What this task involves:
Reproduce the data, keeping every word exactly as it is.

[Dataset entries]

Lemma count_repeat_max z1 r f : below m z1 ->
  \sum_(z2 <- words m.+1 r)
     (av (x ++ m :: z1 ++ m :: z2) && (nforb (x ++ m :: z1 ++ m :: z2) == f)) =
  (all (fun v => ~~ forbidden x v) z1 && av z1) * (f == m.+1).
Proof.
move=> z1m; set u := x ++ m :: z1.
have um : below m.+1 u := below_cat_max xm z1m.
have mu : m \in u by rewrite mem_cat mem_head orbT.
have split_av z2 : z2 \in words m.+1 r ->
    (av (x ++ m :: z1 ++ m :: z2) && (nforb (x ++ m :: z1 ++ m :: z2) == f)) =
    (all (fun v => ~~ forbidden x v) z1 && av z1) * (f == m.+1) * all (pred1 m) z2 :> nat.
  move=> /mem_words z2m; rewrite -cat_cons catA -/u.
  have av_w : av (u ++ m :: z2) =
      (all (fun v => ~~ forbidden x v) z1 && av z1) && all (pred1 m) z2.
    by rewrite (av_max_tail um mu z2m) (av_cat_max xm z1m) x_av /= [av z1 && _]andbC.
  case w_av: (av (u ++ m :: z2)); have := w_av; rewrite av_w; last first.
    by case: (all _ z1 && av z1); case: (all _ z2); rewrite ?muln0 ?mul0n.
  case/andP => -> ->; rewrite (@forb_square_max m) ?muln1 ?mul1n 1?eq_sym //.
    by rewrite all_cat um /= ltnSn.
  by apply: (@cat_subseq _ [:: m] [:: m]); rewrite ?sub1seq ?mem_head.
under eq_big_seq => z2 /split_av -> do [].
by rewrite -big_distrr /= sum_words_const muln1.
Qed.

Lemma count_with_max L f :
  \sum_(z <- words m.+1 L | ~~ below m z)
     (av (x ++ m :: z) && (nforb (x ++ m :: z) == f)) =
  delta f m.+1 * \sum_(0 <= l < L) ksum l (m - nforb x).
Proof.
rewrite sum_words_with_max big_mkord big_distrr; apply: eq_bigr => l _ /=.
under eq_big_seq => z1 /mem_words z1m do rewrite count_repeat_max //.
rewrite -big_distrl sum_andb sum_allowed_words /ksum mulnC /delta eq_sym.
by congr (_ * _); apply: eq_bigr => z _; rewrite av_relabel.
Qed.

End Extensions.

Lemma count_extensions m x L f : below m x ->
  \sum_(z <- words m.+1 L) (av (x ++ m :: z) && (nforb (x ++ m :: z) == f)) =
  (av x && (nforb x < f)) * (jsum L (m - nforb x) (f - nforb x - 1)
     + delta f m.+1 * \sum_(0 <= l < L) ksum l (m - nforb x)).
Proof.
move=> xm; have [x_av|x_nav] := boolP (av x); last first.
  by rewrite big1 // => z _; rewrite (negbTE (contra (@av_catl x _) x_nav)).
rewrite (bigID (fun z => below m z)) /= sum_words_below.
rewrite (count_below_max xm x_av) (count_with_max xm x_av).
have := forb_le x_av xm; case: (ltnP (nforb x) f) => fx xm_le; first by rewrite !mul1n.
by rewrite !mul0n /delta; case: eqP => [fm|_]; [move: fx; rewrite fm; lia | rewrite mul0n].
Qed.

Lemma sum_by_forb m q f (G : nat -> nat) :
  \sum_(x <- words m q) (av x && (nforb x < f)) * G (nforb x) =
  \sum_(0 <= i < f) jsum q m i * G i.
Proof.
transitivity (\sum_(x <- words m q) \sum_(0 <= i < f) (av x && (nforb x == i)) * G i).
  apply: eq_bigr => x _; case: (av x); last by rewrite mul0n big1.
  rewrite (eq_bigr (fun i => if i == nforb x then G i else 0)) => [|i _].
    by rewrite -big_mkcond big_nat1_eq /=; case: (_ < f); rewrite ?mul1n.
  by rewrite eq_sym; case: eqP; rewrite ?mul1n.
by rewrite exchange_big; apply: eq_bigr => i _; rewrite /jsum big_distrl.
Qed.

Unset Implicit Arguments.

Theorem mainTheorem12 (n k f : nat) (hn : 1 <= n) :
  jj n k f =
  \sum_(1 <= p < n.+1) \sum_(0 <= i < f) \sum_(0 <= m < k)
     jj p.-1 m i *
       (jj (n - p) (m - i) (f - i - 1)
        + delta f m.+1 * \sum_(0 <= l < n - p) kk l (m - i)).
Proof.
rewrite jj_jsum /jsum (sum_words_by_max _ _ hn).
transitivity (\sum_(0 <= m < k) \sum_(0 <= q < n) \sum_(0 <= i < f)
   jsum q m i * (jsum (n - q.+1) (m - i) (f - i - 1)
     + delta f m.+1 * \sum_(0 <= l < n - q.+1) ksum l (m - i))).
  apply: eq_bigr => m _; apply: eq_bigr => q _; rewrite -sum_by_forb.
  by apply: eq_big_seq => x /mem_words xm; rewrite count_extensions.
rewrite big_add1 /= exchange_big; apply: eq_bigr => q _.
rewrite exchange_big; apply: eq_bigr => i _; apply: eq_bigr => m _.
rewrite !jj_jsum; congr (_ * (_ + _ * _)).
by apply: eq_bigr => l _; rewrite kk_ksum.
Qed.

Result of this task:
Lemma count_repeat_max z1 r f : below m z1 ->
  \sum_(z2 <- words m.+1 r)
     (av (x ++ m :: z1 ++ m :: z2) && (nforb (x ++ m :: z1 ++ m :: z2) == f)) =
  (all (fun v => ~~ forbidden x v) z1 && av z1) * (f == m.+1).
Proof.
move=> z1m; set u := x ++ m :: z1.
have um : below m.+1 u := below_cat_max xm z1m.
have mu : m \in u by rewrite mem_cat mem_head orbT.
have split_av z2 : z2 \in words m.+1 r ->
    (av (x ++ m :: z1 ++ m :: z2) && (nforb (x ++ m :: z1 ++ m :: z2) == f)) =
    (all (fun v => ~~ forbidden x v) z1 && av z1) * (f == m.+1) * all (pred1 m) z2 :> nat.
  move=> /mem_words z2m; rewrite -cat_cons catA -/u.
  have av_w : av (u ++ m :: z2) =
      (all (fun v => ~~ forbidden x v) z1 && av z1) && all (pred1 m) z2.
    by rewrite (av_max_tail um mu z2m) (av_cat_max xm z1m) x_av /= [av z1 && _]andbC.
  case w_av: (av (u ++ m :: z2)); have := w_av; rewrite av_w; last first.
    by case: (all _ z1 && av z1); case: (all _ z2); rewrite ?muln0 ?mul0n.
  case/andP => -> ->; rewrite (@forb_square_max m) ?muln1 ?mul1n 1?eq_sym //.
    by rewrite all_cat um /= ltnSn.
  by apply: (@cat_subseq _ [:: m] [:: m]); rewrite ?sub1seq ?mem_head.
under eq_big_seq => z2 /split_av -> do [].
by rewrite -big_distrr /= sum_words_const muln1.
Qed.

Lemma count_with_max L f :
  \sum_(z <- words m.+1 L | ~~ below m z)
     (av (x ++ m :: z) && (nforb (x ++ m :: z) == f)) =
  delta f m.+1 * \sum_(0 <= l < L) ksum l (m - nforb x).
Proof.
rewrite sum_words_with_max big_mkord big_distrr; apply: eq_bigr => l _ /=.
under eq_big_seq => z1 /mem_words z1m do rewrite count_repeat_max //.
rewrite -big_distrl sum_andb sum_allowed_words /ksum mulnC /delta eq_sym.
by congr (_ * _); apply: eq_bigr => z _; rewrite av_relabel.
Qed.

End Extensions.

Lemma count_extensions m x L f : below m x ->
  \sum_(z <- words m.+1 L) (av (x ++ m :: z) && (nforb (x ++ m :: z) == f)) =
  (av x && (nforb x < f)) * (jsum L (m - nforb x) (f - nforb x - 1)
     + delta f m.+1 * \sum_(0 <= l < L) ksum l (m - nforb x)).
Proof.
move=> xm; have [x_av|x_nav] := boolP (av x); last first.
  by rewrite big1 // => z _; rewrite (negbTE (contra (@av_catl x _) x_nav)).
rewrite (bigID (fun z => below m z)) /= sum_words_below.
rewrite (count_below_max xm x_av) (count_with_max xm x_av).
have := forb_le x_av xm; case: (ltnP (nforb x) f) => fx xm_le; first by rewrite !mul1n.
by rewrite !mul0n /delta; case: eqP => [fm|_]; [move: fx; rewrite fm; lia | rewrite mul0n].
Qed.

Lemma sum_by_forb m q f (G : nat -> nat) :
  \sum_(x <- words m q) (av x && (nforb x < f)) * G (nforb x) =
  \sum_(0 <= i < f) jsum q m i * G i.
Proof.
transitivity (\sum_(x <- words m q) \sum_(0 <= i < f) (av x && (nforb x == i)) * G i).
  apply: eq_bigr => x _; case: (av x); last by rewrite mul0n big1.
  rewrite (eq_bigr (fun i => if i == nforb x then G i else 0)) => [|i _].
    by rewrite -big_mkcond big_nat1_eq /=; case: (_ < f); rewrite ?mul1n.
  by rewrite eq_sym; case: eqP; rewrite ?mul1n.
by rewrite exchange_big; apply: eq_bigr => i _; rewrite /jsum big_distrl.
Qed.

Unset Implicit Arguments.

Theorem mainTheorem12 (n k f : nat) (hn : 1 <= n) :
  jj n k f =
  \sum_(1 <= p < n.+1) \sum_(0 <= i < f) \sum_(0 <= m < k)
     jj p.-1 m i *
       (jj (n - p) (m - i) (f - i - 1)
        + delta f m.+1 * \sum_(0 <= l < n - p) kk l (m - i)).
Proof.
rewrite jj_jsum /jsum (sum_words_by_max _ _ hn).
transitivity (\sum_(0 <= m < k) \sum_(0 <= q < n) \sum_(0 <= i < f)
   jsum q m i * (jsum (n - q.+1) (m - i) (f - i - 1)
     + delta f m.+1 * \sum_(0 <= l < n - q.+1) ksum l (m - i))).
  apply: eq_bigr => m _; apply: eq_bigr => q _; rewrite -sum_by_forb.
  by apply: eq_big_seq => x /mem_words xm; rewrite count_extensions.
rewrite big_add1 /= exchange_big; apply: eq_bigr => q _.
rewrite exchange_big; apply: eq_bigr => i _; apply: eq_bigr => m _.
rewrite !jj_jsum; congr (_ * (_ + _ * _)).
by apply: eq_bigr => l _; rewrite kk_ksum.
Qed.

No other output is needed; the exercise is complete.